### What is required
Go to the line holding "0 < t -> t * (enorm u + enorm v) < d ->" in the entries below and write out exactly every line down to and including the line holding "have u0 := enorm_ge0".

(Items listed in a dataset)
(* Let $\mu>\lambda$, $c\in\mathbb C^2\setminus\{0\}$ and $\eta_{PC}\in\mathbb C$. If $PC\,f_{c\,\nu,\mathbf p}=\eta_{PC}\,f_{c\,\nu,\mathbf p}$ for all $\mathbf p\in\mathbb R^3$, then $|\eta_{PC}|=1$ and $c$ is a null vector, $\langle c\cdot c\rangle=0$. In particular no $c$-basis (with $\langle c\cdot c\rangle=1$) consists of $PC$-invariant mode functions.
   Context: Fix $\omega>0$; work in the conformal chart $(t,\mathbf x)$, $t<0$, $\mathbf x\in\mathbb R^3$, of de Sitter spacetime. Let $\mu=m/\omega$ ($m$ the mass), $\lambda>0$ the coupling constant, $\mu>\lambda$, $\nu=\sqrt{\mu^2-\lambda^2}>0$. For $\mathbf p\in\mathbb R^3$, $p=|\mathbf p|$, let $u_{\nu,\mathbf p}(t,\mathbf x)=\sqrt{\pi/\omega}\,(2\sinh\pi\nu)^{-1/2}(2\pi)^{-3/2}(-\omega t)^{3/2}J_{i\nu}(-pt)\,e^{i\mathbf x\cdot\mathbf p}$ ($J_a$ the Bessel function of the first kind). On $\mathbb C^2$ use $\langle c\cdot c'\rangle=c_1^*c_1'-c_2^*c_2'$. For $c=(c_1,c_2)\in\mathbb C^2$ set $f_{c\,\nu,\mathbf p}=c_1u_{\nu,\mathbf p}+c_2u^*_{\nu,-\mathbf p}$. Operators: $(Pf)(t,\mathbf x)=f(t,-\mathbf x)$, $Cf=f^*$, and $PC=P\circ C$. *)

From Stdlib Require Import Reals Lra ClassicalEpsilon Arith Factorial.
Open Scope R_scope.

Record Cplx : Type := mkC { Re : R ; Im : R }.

* * *

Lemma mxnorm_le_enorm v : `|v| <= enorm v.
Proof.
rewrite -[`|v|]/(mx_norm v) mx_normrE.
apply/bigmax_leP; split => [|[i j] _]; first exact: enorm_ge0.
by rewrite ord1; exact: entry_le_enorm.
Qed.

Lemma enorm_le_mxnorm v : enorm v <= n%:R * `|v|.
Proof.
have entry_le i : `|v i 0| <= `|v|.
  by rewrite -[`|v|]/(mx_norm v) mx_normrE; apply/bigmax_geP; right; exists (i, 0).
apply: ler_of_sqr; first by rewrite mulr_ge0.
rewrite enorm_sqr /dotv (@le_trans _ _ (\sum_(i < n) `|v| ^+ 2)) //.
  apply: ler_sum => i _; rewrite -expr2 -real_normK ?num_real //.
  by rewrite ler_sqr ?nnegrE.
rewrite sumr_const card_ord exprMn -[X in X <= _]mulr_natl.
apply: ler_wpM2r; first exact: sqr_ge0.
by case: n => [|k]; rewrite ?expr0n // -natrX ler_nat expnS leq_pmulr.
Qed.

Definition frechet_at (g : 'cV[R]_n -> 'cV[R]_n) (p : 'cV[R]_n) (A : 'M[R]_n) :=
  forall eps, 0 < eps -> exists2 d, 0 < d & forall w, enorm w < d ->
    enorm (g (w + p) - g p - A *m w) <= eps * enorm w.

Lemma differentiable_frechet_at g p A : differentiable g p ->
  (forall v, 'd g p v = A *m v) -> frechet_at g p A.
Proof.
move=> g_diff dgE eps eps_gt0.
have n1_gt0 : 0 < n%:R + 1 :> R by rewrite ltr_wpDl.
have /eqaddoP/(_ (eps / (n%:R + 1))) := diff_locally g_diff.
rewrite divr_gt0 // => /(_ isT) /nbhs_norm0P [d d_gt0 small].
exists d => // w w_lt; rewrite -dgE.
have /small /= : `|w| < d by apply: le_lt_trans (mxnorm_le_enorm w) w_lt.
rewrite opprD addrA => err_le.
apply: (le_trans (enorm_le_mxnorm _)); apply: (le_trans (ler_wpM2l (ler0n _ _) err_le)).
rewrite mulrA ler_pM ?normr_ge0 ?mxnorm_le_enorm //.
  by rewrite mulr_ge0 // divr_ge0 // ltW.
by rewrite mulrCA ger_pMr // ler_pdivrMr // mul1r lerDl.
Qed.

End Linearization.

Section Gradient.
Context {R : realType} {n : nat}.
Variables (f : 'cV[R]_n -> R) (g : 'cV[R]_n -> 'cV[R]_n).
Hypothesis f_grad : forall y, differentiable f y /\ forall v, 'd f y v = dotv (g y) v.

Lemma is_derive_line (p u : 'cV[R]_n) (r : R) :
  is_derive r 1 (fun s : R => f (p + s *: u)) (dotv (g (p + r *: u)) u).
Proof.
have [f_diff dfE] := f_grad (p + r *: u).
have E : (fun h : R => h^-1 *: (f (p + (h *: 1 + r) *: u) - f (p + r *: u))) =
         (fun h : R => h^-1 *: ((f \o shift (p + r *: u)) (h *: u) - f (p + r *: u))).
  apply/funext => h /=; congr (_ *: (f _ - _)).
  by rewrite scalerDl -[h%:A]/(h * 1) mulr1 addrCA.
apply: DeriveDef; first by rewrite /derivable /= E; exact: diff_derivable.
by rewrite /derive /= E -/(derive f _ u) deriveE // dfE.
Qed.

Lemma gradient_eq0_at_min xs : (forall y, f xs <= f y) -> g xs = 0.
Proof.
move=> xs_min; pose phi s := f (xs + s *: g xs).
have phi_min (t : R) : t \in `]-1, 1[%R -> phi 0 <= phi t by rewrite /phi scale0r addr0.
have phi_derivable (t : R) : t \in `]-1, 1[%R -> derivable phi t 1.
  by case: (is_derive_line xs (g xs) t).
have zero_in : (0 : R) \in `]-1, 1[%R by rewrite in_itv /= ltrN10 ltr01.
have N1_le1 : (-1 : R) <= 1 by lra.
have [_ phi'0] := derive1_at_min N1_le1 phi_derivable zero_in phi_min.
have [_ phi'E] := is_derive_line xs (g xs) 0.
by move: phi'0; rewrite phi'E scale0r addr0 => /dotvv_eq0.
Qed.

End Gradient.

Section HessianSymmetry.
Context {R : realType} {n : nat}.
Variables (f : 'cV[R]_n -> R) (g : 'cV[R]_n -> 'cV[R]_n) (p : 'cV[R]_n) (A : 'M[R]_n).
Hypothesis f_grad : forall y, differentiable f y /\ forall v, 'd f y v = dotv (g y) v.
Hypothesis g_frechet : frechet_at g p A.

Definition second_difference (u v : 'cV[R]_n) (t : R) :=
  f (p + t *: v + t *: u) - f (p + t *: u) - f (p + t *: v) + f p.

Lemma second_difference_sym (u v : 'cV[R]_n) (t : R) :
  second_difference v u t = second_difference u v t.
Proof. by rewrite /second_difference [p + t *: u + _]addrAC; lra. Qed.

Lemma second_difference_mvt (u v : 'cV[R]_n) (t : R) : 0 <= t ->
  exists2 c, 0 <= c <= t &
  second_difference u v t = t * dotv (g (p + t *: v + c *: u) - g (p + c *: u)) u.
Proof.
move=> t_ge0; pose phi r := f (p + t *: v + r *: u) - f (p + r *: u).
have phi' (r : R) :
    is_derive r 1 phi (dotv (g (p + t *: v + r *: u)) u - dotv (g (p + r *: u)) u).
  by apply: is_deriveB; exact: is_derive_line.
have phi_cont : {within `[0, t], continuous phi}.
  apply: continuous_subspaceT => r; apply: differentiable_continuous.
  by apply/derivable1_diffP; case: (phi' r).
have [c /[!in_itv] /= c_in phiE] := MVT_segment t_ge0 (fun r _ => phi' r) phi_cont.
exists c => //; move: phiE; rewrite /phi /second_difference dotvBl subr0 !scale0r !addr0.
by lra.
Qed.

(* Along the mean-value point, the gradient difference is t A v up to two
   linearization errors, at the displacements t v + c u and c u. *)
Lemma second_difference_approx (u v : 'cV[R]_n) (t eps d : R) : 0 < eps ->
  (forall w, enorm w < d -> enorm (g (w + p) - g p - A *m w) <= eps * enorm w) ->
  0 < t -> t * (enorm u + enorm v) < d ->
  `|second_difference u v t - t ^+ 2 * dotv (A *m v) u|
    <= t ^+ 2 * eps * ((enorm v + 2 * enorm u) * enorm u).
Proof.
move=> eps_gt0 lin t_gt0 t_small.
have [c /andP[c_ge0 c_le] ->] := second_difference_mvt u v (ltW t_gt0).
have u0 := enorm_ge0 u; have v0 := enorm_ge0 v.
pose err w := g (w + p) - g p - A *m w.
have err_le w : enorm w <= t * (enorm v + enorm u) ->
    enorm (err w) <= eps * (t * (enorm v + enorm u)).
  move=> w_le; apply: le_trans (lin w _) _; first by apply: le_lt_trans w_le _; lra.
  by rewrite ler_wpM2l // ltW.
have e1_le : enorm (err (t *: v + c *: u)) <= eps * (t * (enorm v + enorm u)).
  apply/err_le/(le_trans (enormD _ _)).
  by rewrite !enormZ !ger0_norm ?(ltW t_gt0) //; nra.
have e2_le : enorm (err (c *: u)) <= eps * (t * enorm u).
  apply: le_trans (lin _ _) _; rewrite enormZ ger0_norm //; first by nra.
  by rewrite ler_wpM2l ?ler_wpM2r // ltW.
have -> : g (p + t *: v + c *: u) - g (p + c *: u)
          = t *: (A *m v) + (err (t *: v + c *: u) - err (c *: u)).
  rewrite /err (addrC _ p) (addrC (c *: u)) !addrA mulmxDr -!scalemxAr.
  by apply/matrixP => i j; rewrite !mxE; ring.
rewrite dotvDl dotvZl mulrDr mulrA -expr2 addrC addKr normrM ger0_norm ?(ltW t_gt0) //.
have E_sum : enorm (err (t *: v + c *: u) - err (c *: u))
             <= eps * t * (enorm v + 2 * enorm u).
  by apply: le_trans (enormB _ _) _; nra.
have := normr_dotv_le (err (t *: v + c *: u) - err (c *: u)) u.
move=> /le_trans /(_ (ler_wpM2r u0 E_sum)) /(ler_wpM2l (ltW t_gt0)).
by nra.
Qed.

### Solution below
  0 < t -> t * (enorm u + enorm v) < d ->
  `|second_difference u v t - t ^+ 2 * dotv (A *m v) u|
    <= t ^+ 2 * eps * ((enorm v + 2 * enorm u) * enorm u).
Proof.
move=> eps_gt0 lin t_gt0 t_small.
have [c /andP[c_ge0 c_le] ->] := second_difference_mvt u v (ltW t_gt0).
have u0 := enorm_ge0 u; have v0 := enorm_ge0 v.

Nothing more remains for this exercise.